Reproduce the entries shown below only from the line with "elim: (index_enum _)" down to the line with "Proof. by move=> *; nra. Qed.", keeping both end lines and copying each one exactly.

Stored data
··········
(* Let $K_1,\dots,K_m\subset\mathbb{R}^n$ be closed sets, all super-regular at $x^*\in K:=\bigcap_{l=1}^mK_l$, and suppose the local metric inequality holds at $x^*$: there are $\beta\ge1$ and a neighborhood $V_1$ of $x^*$ with $d(x,K)\le\beta\max_{1\le l\le m}d(x,K_l)$ for all $x\in V_1$. Let $$\rho:=\frac{\sqrt{\beta^2-(1-\tau)^2}}{\beta},\qquad L:=\frac{\beta}{1-\rho}.$$ Then for any $\tau\in(0,1)$ there is a neighborhood $U$ of $x^*$ such that for any $x_0\in U$ and any positive integer $\bar p$, the local super-regular SHQP algorithm (described in the context) with $\tau_i=\tau$ for all $i$ generates a sequence $\{x_i\}$ converging to some $\bar x\in K\cap V_1$ with $$\|x_{i+1}-\bar x\|\le\|x_i-\bar x\|\ \text{ and }\ \|x_i-\bar x\|\le L\max_{l\in\{1,\dots,m\}}d(x_i,K_l)\quad\text{for all }i\ge0.$$
   Context: For a closed set $C\subset\mathbb{R}^n$ and $\bar x\in C$, the regular normal cone is $\hat N_C(\bar x)=\{y:\langle y,x-\bar x\rangle\le o(\|x-\bar x\|)\text{ for all }x\in C\}$ and the limiting normal cone $N_C(\bar x)$ is the set of $y$ for which there exist $x_i\to\bar x$ with $x_i\in C$ and $y_i\in\hat N_C(x_i)$ with $y_i\to y$. $C$ is super-regular at $\bar x\in C$ if for every $\delta>0$ there is a neighborhood $V$ of $\bar x$ such that $\langle z-y,v\rangle\le\delta\|z-y\|\|v\|$ for all $z,y\in C\cap V$ and $v\in N_C(y)$. $P_C(x)$ denotes the set of nearest points of $C$ to $x$. Local super-regular SHQP algorithm (parameters: a positive integer $\bar p$ and numbers $\tau_i\in[0,1)$): starting from $x_0$, for $i=1,2,\dots$: choose $\bar j_i\in\arg\max_j d(x_{i-1},K_j)$; pick $x_i^{(\bar j_i)}\in P_{K_{\bar j_i}}(x_{i-1})$; set $a_i=x_{i-1}-x_i^{(\bar j_i)}$ and $b_i=\langle a_i,(1-\tau_i)x_i^{(\bar j_i)}+\tau_ix_{i-1}\rangle$; let $\tilde F_i=\{x:\langle a_l,x\rangle\le b_l\text{ for }\max(1,i-\bar p)\le l\le i\}$ and $x_i=P_{\tilde F_i}(x_{i-1})$. *)

From Stdlib Require Import Reals ClassicalEpsilon.
From mathcomp Require Import all_boot.
Set Implicit Arguments. Unset Strict Implicit.
Open Scope R_scope.

Definition vec (n : nat) := 'I_n -> R.
Definition vadd n (x y : vec n) : vec n := fun i => x i + y i.
Definition vsub n (x y : vec n) : vec n := fun i => x i - y i.
Definition vscale n (c : R) (x : vec n) : vec n := fun i => c * x i.
Definition inner n (x y : vec n) : R := \big[Rplus/0]_(i < n) (x i * y i).
Definition vnorm n (x : vec n) : R := sqrt (inner x x).
Definition vdist n (x y : vec n) : R := vnorm (vsub x y).

Definition vball n (x : vec n) (r : R) (y : vec n) : Prop := vdist y x < r.
Definition vis_neighborhood n (V : vec n -> Prop) (x : vec n) : Prop :=
  exists r, 0 < r /\ forall y, vball x r y -> V y.
Definition vclosed_set n (C : vec n -> Prop) : Prop :=
  forall x, (forall eps, 0 < eps -> exists y, C y /\ vdist x y < eps) -> C x.

(* d(x,C) = inf_{y in C} ||x - y|| (for nonempty C) *)
Definition is_dist_to n (C : vec n -> Prop) (x : vec n) (r : R) : Prop :=
  (forall y, C y -> r <= vdist x y) /\
  (forall r', (forall y, C y -> r' <= vdist x y) -> r' <= r).
Definition dist_set n (C : vec n -> Prop) (x : vec n) : R :=
  epsilon (inhabits 0) (fun r => is_dist_to C x r).

Definition proj_set n (C : vec n -> Prop) (x p : vec n) : Prop :=
  C p /\ forall y, C y -> vdist x p <= vdist x y.

Definition seq_cv n (s : nat -> vec n) (l : vec n) : Prop :=
  forall eps, 0 < eps -> exists N, forall i, (N <= i)%nat -> vdist (s i) l < eps.

Definition reg_normal n (C : vec n -> Prop) (xb y : vec n) : Prop :=
  C xb /\ forall eps, 0 < eps -> exists r, 0 < r /\
    forall x, C x -> vdist x xb < r -> inner y (vsub x xb) <= eps * vdist x xb.

Definition lim_normal n (C : vec n -> Prop) (xb y : vec n) : Prop :=
  exists (xs ys : nat -> vec n), (forall i, C (xs i)) /\ seq_cv xs xb /\
    (forall i, reg_normal C (xs i) (ys i)) /\ seq_cv ys y.

Definition super_regular n (C : vec n -> Prop) (xb : vec n) : Prop :=
  C xb /\ forall delta, 0 < delta -> exists V, vis_neighborhood V xb /\
    forall z y v, C z -> V z -> C y -> V y -> lim_normal C y v ->
      inner (vsub z y) v <= delta * vdist z y * vnorm v.

(* the sets are K 0, ..., K (m-1) *)
Definition inter n (K : nat -> vec n -> Prop) (m : nat) (x : vec n) : Prop :=
  forall l, (l < m)%nat -> K l x.
Definition maxd n (K : nat -> vec n -> Prop) (m : nat) (x : vec n) : R :=
  foldr Rmax 0 (map (fun l => dist_set (K l) x) (iota 0 m)).

Definition shqp_a n (x xp : nat -> vec n) (l : nat) : vec n :=
  vsub (x (l - 1)%nat) (xp l).
Definition shqp_b n (tau : nat -> R) (x xp : nat -> vec n) (l : nat) : R :=
  inner (shqp_a x xp l)
        (vadd (vscale (1 - tau l) (xp l)) (vscale (tau l) (x (l - 1)%nat))).
Definition shqp_F n (pbar : nat) (tau : nat -> R) (x xp : nat -> vec n)
  (i : nat) (y : vec n) : Prop :=
  forall l, (maxn 1 (i - pbar) <= l)%nat -> (l <= i)%nat ->
    inner (shqp_a x xp l) y <= shqp_b tau x xp l.

Definition shqp_run n (K : nat -> vec n -> Prop) (m pbar : nat) (tau : nat -> R)
  (x0 : vec n) (x : nat -> vec n) : Prop :=
  x 0%nat = x0 /\
  exists (jb : nat -> nat) (xp : nat -> vec n), forall i, (1 <= i)%nat ->
    [/\ (jb i < m)%nat,
        (forall j, (j < m)%nat ->
           dist_set (K j) (x (i - 1)%nat) <= dist_set (K (jb i)) (x (i - 1)%nat)),
        proj_set (K (jb i)) (x (i - 1)%nat) (xp i)
      & proj_set (shqp_F pbar tau x xp i) (x (i - 1)%nat) (x i)].

From Stdlib Require Import Reals ClassicalEpsilon Classical Lra Psatz.
From Stdlib Require Import FunctionalExtensionality PropExtensionality.
From mathcomp Require Import all_boot.
Set Implicit Arguments. Unset Strict Implicit.
Open Scope R_scope.

(* Write s = 1 / (1 - rho), d_k = d(x_k, K) and D_k = max_l d(x_k, K_l) = |x_k - xp_{k+1}|, where
   xp_{k+1} is the projection onto the farthest set. Super-regularity at xp_{k+1}, with a constant
   delta small compared with tau, shows that every point of K near x^* within (1 + s) beta D_k of
   x_k lies in the k-th halfspace. Inductively the nearest point of K to x_N is within that
   distance of every earlier iterate, so it lies in F_{N+1}; the projection x_{N+1} onto the
   convex set F_{N+1} then satisfies |x_N - x_{N+1}|^2 + d_{N+1}^2 <= d_N^2. Together with the
   lower bound |x_N - x_{N+1}| >= (1 - tau) D_N (x_{N+1} lies in its own halfspace) and the metric
   inequality d_N <= beta D_N this gives d_{N+1} <= rho d_N and |x_{N+1} - x_N| <= s (d_N -
   d_{N+1}). The iterates therefore stay near x^* and form a Cauchy sequence whose limit xbar lies
   in K, with |x_i - xbar| <= s d_i <= s beta D_i = L max_l d(x_i, K_l); as xbar again lies in
   every F_{i+1}, Pythagoras also gives |x_{i+1} - xbar| <= |x_i - xbar|. *)

(** * Euclidean geometry of vec n *)

Section RealSums.
Variable n : nat.
Implicit Types f g : 'I_n -> R.

Lemma sumR_add f g :
  \big[Rplus/0]_(i < n) (f i + g i) = \big[Rplus/0]_(i < n) f i + \big[Rplus/0]_(i < n) g i.
Proof. by elim/big_rec3: _ => [|i a b c _ ->]; ring. Qed.

Lemma sumR_scale c f : \big[Rplus/0]_(i < n) (c * f i) = c * \big[Rplus/0]_(i < n) f i.
Proof. by elim/big_rec2: _ => [|i a b _ ->]; ring. Qed.

Lemma sumR_le f g : (forall i, f i <= g i) ->
  \big[Rplus/0]_(i < n) f i <= \big[Rplus/0]_(i < n) g i.
Proof. by move=> fg; elim/big_rec2: _ => [|i a b _ ab]; [lra | apply: Rplus_le_compat]. Qed.

Lemma sumR_ge0 (r : seq 'I_n) f : (forall i, 0 <= f i) -> 0 <= \big[Rplus/0]_(i <- r) f i.
Proof. by move=> f0; elim/big_rec: _ => [|i a _ a0]; [lra | have ? := f0 i; lra]. Qed.

Lemma sumR_ge_term f i : (forall j, 0 <= f j) -> f i <= \big[Rplus/0]_(j < n) f j.
Proof.
move=> f0; have : i \in index_enum 'I_n by apply: mem_index_enum.
elim: (index_enum _) => // j r IH; rewrite inE big_cons => /orP [/eqP <-|/IH].
- by rewrite -[X in X <= _]Rplus_0_r; apply/Rplus_le_compat_l/sumR_ge0.
- by move=> le_i; rewrite -[X in X <= _]Rplus_0_l; apply: Rplus_le_compat.
Qed.

End RealSums.

Lemma sqr_le_inv (a b : R) : 0 <= b -> a * a <= b * b -> a <= b.
Proof. by move=> *; nra. Qed.

Lemma uniform_radius (P : nat -> R -> Prop) (m : nat) :
  (forall l r r', 0 < r' <= r -> P l r -> P l r') ->
  (forall l, (l < m)%N -> exists r, 0 < r /\ P l r) ->
  exists r, 0 < r /\ forall l, (l < m)%N -> P l r.
Proof.
move=> P_mono; elim: m => [_|m IH P_ex]; first by exists 1; split => //; lra.
have [r [r_gt0 Pr]] := IH (fun l lm => P_ex l (ltnW lm)).
have [r' [r'_gt0 Pr']] := P_ex m (ltnSn m).
have rr'_gt0 := Rmin_glb_lt _ _ _ r_gt0 r'_gt0.
exists (Rmin r r'); split => // l; rewrite ltnS leq_eqVlt => /orP [/eqP ->|lm].
- by apply: P_mono Pr'; split => //; apply: Rmin_r.
- by apply: P_mono (Pr l lm); split => //; apply: Rmin_l.
Qed.

Lemma Rmin_div_lt (d a b c : R) : 0 < c -> d < Rmin a b / c -> c * d < a /\ c * d < b.
Proof.
move=> c0 d_lt; have : c * d < Rmin a b.
  apply: (Rmult_lt_reg_r (/ c)); first exact: Rinv_0_lt_compat.
  by have -> : c * d * / c = d by field; lra.
by have := Rmin_l a b; have := Rmin_r a b; move=> *; lra.
Qed.

Lemma pow_scaled_lt (r c e : R) : 0 <= r < 1 -> 0 < e ->
  exists N, forall k, (N <= k)%N -> c * r ^ k < e.
Proof.
move=> r01 e0; have c0 := Rabs_pos c.
have [N rN] := pow_lt_1_zero r ltac:(rewrite Rabs_right; lra) (e / (Rabs c + 1))
  ltac:(apply: Rdiv_lt_0_compat; lra).
exists N => k /leP Nk; have rk0 : 0 <= r ^ k by apply: pow_le; lra.
have := rN k Nk; rewrite Rabs_right; last lra.
move=> rk; apply: Rle_lt_trans (Rle_abs _) _; rewrite Rabs_mult (Rabs_right (r ^ k)); last lra.
apply: Rle_lt_trans (Rmult_le_compat_l _ _ _ c0 (Rlt_le _ _ rk)) _.
apply: (Rmult_lt_reg_r (Rabs c + 1)); first lra.
have -> : Rabs c * (e / (Rabs c + 1)) * (Rabs c + 1) = Rabs c * e by field; lra.
nra.
Qed.

Lemma argmax_exists (f : nat -> R) m : (0 < m)%N ->
  exists j, (j < m)%N /\ forall j', (j' < m)%N -> f j' <= f j.
Proof.
elim: m => // m IH _; have [m0|m_gt0] := posnP m.
  by exists 0%N; split => // j'; rewrite m0 ltnS leqn0 => /eqP ->; lra.
have [j [jm jmax]] := IH m_gt0; have [fmj|fjm] := Rle_lt_dec (f m) (f j).
- exists j; split; first exact: ltnW.
  by move=> j'; rewrite ltnS leq_eqVlt => /orP [/eqP ->|] //; apply: jmax.
- exists m; split => // j'; rewrite ltnS leq_eqVlt => /orP [/eqP ->|/jmax]; lra.
Qed.

Lemma foldr_Rmax_le (f : nat -> R) (r : seq nat) M :
  0 <= M -> (forall a, a \in r -> f a <= M) -> foldr Rmax 0 (map f r) <= M.
Proof.
move=> M0; elim: r => //= a r IH fM; apply: Rmax_lub; first by apply: fM; rewrite inE eqxx.
by apply: IH => b br; apply: fM; rewrite inE br orbT.
Qed.

Lemma foldr_Rmax_ge (f : nat -> R) (r : seq nat) a :
  a \in r -> f a <= foldr Rmax 0 (map f r).
Proof.
elim: r => //= b r IH; rewrite inE => /orP [/eqP ->|ar]; first exact: Rmax_l.
exact: Rle_trans (IH ar) (Rmax_r _ _).
Qed.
··········
§ Answer to the exercise
elim: (index_enum _) => // j r IH; rewrite inE big_cons => /orP [/eqP <-|/IH].
- by rewrite -[X in X <= _]Rplus_0_r; apply/Rplus_le_compat_l/sumR_ge0.
- by move=> le_i; rewrite -[X in X <= _]Rplus_0_l; apply: Rplus_le_compat.
Qed.

End RealSums.

Lemma sqr_le_inv (a b : R) : 0 <= b -> a * a <= b * b -> a <= b.
Proof. by move=> *; nra. Qed.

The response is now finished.